What was advertised in a colonial American newspaper 250 years ago today?

Essex Journal (April 20, 1774).

“A large experience of 34 years at sea.”

Joseph Atkins took to the pages of the Essex Journal to inform the public that “he still continues to teach reading, writing, and arithmetic” in the spring of 1774.  He apparently accepted both boys and girls, though he taught them separately.  In a nota bene, he advised that he “intends to open a school for young ladies” at the end of April.

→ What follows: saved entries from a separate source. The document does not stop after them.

(* Let $d\geq1$ and fix a width $p\geq d+3$. For each $k\in\{1,\ldots,p\}$ let $\{B_{kr}:r\geq1\}$ be a set of basis functions. Let $\sigma:\mathbb{R}\to[0,1]$ be a continuous function which is continuously differentiable at at least one point, with nonzero derivative at that point. For $L\geq1$, vectors $W_k^{(1)}\in\mathbb{R}^d$ and $W_k^{(l)}\in\mathbb{R}^p$ ($2\le l\le L$), integers $q_k\geq1$ and real numbers $c_{kr},b_k^{(l)},b$, define the HDANN2 function on $[0,1]^d$ by $$x_k^{(1)}=\sigma\big({W_k^{(1)}}^\top\mathbf{x}+b_k^{(1)}\big),\qquad x_k^{(l)}=\sigma\big({W_k^{(l)}}^\top\mathbf{x}^{(l-1)}+b_k^{(l)}\big)\ (2\le l\le L),\quad k=1,\ldots,p,$$ where $\mathbf{x}^{(l)}=(x_1^{(l)},\ldots,x_p^{(l)})^\top$, and output $\mathrm{HDANN2}(\mathbf{x})=\sum_{k=1}^p\sum_{r=1}^{q_k}c_{kr}B_{kr}(x_k^{(L)})+b$. Then for any continuous $f:[0,1]^d\to\mathbb{R}$ and any $\epsilon>0$ there exist $L\geq1$, $q_k\geq1$, $W_k^{(l)}$ and $c_{kr},b_k^{(l)},b\in\mathbb{R}$ such that $$\sup_{\mathbf{x}\in[0,1]^d}|f(\mathbf{x})-\mathrm{HDANN2}(\mathbf{x})|<\epsilon.$$
   Context: A set $\{B_r:[0,1]\to\mathbb{R}\,|\,r\geq1\}$ of functions is called a set of basis functions if for every continuous $\phi:[0,1]\to\mathbb{R}$ and every $\epsilon>0$ there exist $q\geq1$ and $c_1,\ldots,c_q,c\in\mathbb{R}$ with $\sup_{x\in[0,1]}|\phi(x)-(\sum_{r=1}^q c_rB_r(x)+c)|<\epsilon$. *)

From Stdlib Require Import Reals.
From Coquelicot Require Import Coquelicot.
Open Scope R_scope.

Fixpoint rsum (f : nat -> R) (m len : nat) : R :=
  match len with
  | O => 0
  | S l => f m + rsum f (S m) l
  end.
Definition sum1 (q : nat) (F : nat -> R) : R := rsum F 1 q.
Definition sum0 (n : nat) (F : nat -> R) : R := rsum F 0 n.

Definition cont01 (phi : R -> R) : Prop :=
  forall x, 0 <= x <= 1 -> forall eps, 0 < eps -> exists delta, 0 < delta /\
    forall y, 0 <= y <= 1 -> Rabs (y - x) < delta -> Rabs (phi y - phi x) < eps.

(* Basis functions {B r | r >= 1} on [0,1] (the value B 0 is irrelevant). *)
Definition is_basis (B : nat -> R -> R) : Prop :=
  forall phi : R -> R, cont01 phi -> forall eps, 0 < eps ->
    exists (q : nat) (c : nat -> R) (c0 : R), (1 <= q)%nat /\
      forall x, 0 <= x <= 1 ->
        Rabs (phi x - (sum1 q (fun r => c r * B r x) + c0)) < eps.

(* Points of R^d are represented by x : nat -> R, coordinates 0..d-1. *)
Definition in_cube (d : nat) (x : nat -> R) : Prop :=
  forall i, (i < d)%nat -> 0 <= x i <= 1.

Definition cont_cube (d : nat) (f : (nat -> R) -> R) : Prop :=
  forall x, in_cube d x -> forall eps, 0 < eps -> exists delta, 0 < delta /\
    forall y, in_cube d y ->
      (forall i, (i < d)%nat -> Rabs (y i - x i) < delta) ->
      Rabs (f y - f x) < eps.

Definition C1_at_nonzero (sigma : R -> R) (x0 : R) : Prop :=
  (exists delta, 0 < delta /\
     forall y, Rabs (y - x0) < delta -> ex_derive sigma y) /\
  continuous (Derive sigma) x0 /\ Derive sigma x0 <> 0.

In addition to the basics of reading, writing, and arithmetic, Atkins also provide instruction in navigation “after the most approv[e]d methods.  Experience mattered to the schoolmaster, not just experience in the classroom but also experience on ships.  He asserted that his confidence in how he taught navigation to his pupils flowed from “a large experience of 34 years at sea.”  Navigation was not merely academic to Atkins but instead a practical matter, an essential part of the occupation he previously pursued.  Prospective students and their parents, he suggested, should feel similar confidence that his decades at sea prepared him to teach navigation to boys and young men who had prospects of working on vessels themselves.  Newburyport was, after all, a maritime community.

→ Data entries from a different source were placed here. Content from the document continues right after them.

(* Let $f\in\mathbb R[x_1,\dots,x_n]$ be a circuit polynomial $f(x)=\sum_{j=0}^r f_{\alpha(j)}x^{\alpha(j)}+f_{\alpha^\star}x^{\alpha^\star}$ satisfying condition (C3). Then $r\in\{n-1,n\}$. If $r=n$, then $f$ is gem regular (i.e. $D(f)=\emptyset$). If $r=n-1$, then $f$ is gem irregular with $D(f)=\{\alpha^\star\}$, and $\{\alpha(0),\dots,\alpha(n-1)\}=\{2k_1e_1,\dots,2k_ne_n\}$ for some $k_i\in\mathbb N$.
   Context: A circuit polynomial is $f(x)=\sum_{j=0}^r f_{\alpha(j)}x^{\alpha(j)}+f_{\alpha^\star}x^{\alpha^\star}$ (with $f_{\alpha^\star}\ne0$) such that: $r\le n$; $\alpha(j)\in 2\mathbb N_0^n$ and $f_{\alpha(j)}>0$ for all $j$; the vertex set of the Newton polytope $\mathrm{conv}(A(f))$ is exactly $\{\alpha(0),\dots,\alpha(r)\}$ and these points are affinely independent; and $\alpha^\star=\sum_{j=0}^r\lambda_j\alpha(j)$ uniquely with all $\lambda_j>0$, $\sum_j\lambda_j=1$. Here $A(f)$ is the set of exponents with nonzero coefficient. $\mathrm{New}_\infty(f)=\mathrm{conv}(A(f)\cup\{0\})$, $V_0(f)$ is its vertex set, $V(f)=V_0(f)\setminus\{0\}$, $V^c(f)=A(f)\setminus V(f)$. Condition (C3): for every $i\in\{1,\dots,n\}$, $V(f)$ contains a vector $2k_ie_i$ with $k_i\in\mathbb N$. Let $\mathcal G(f)$ be the set of nonempty faces $G$ of $\mathrm{New}_\infty(f)$ with $0\notin G$. An exponent $\alpha\in A(f)$ is gem degenerate if $\alpha\in V^c(f)\cap G$ for some $G\in\mathcal G(f)$; $D(f)$ is the set of gem degenerate exponents; $f$ is gem regular if $D(f)=\emptyset$ and gem irregular otherwise. *)

From HB Require Import structures.
From mathcomp Require Import all_boot all_order all_algebra.
Set Implicit Arguments. Unset Strict Implicit. Unset Printing Implicit Defensive.
Import Order.TTheory GRing.Theory Num.Theory.
Local Open Scope ring_scope.

Definition expo (n : nat) := {ffun 'I_n -> nat}.

(* A real polynomial in n variables is represented by its coefficient
   function: f a = coefficient of x^a. *)
Definition mpoly (R : realFieldType) (n : nat) := expo n -> R.

Definition pt (R : realFieldType) (n : nat) (a : expo n) : 'rV[R]_n :=
  \row_i ((a i)%:R).

Definition dot (R : realFieldType) (n : nat) (c x : 'rV[R]_n) : R :=
  \sum_i c ord0 i * x ord0 i.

The placement of Atkins’s advertisement on the third page of the April 20 edition of the Essex Journal underscored that was the case.  It ran immediately below the “MARINE LIST,” a roster of ships that recently “ARRIVED” and “SAILED” from the “PORT of NEWBURY.”  A day earlier, the town welcomed the Dove from Antigua and the Newhall from Guadeloupe.  Most of the ships that departed in the past ten days made their way to the “West-Indies,” though the Larkventured to Newfoundland.  Although Atkins’s time at sea was presumably behind him, he aimed to pass along a valuable skill to young men who might join the crew of any of the vessels that visited Newburyport.  His “large experience of 34 years at sea” recommended him as a teacher as much as anything he could say about his methods of instruction.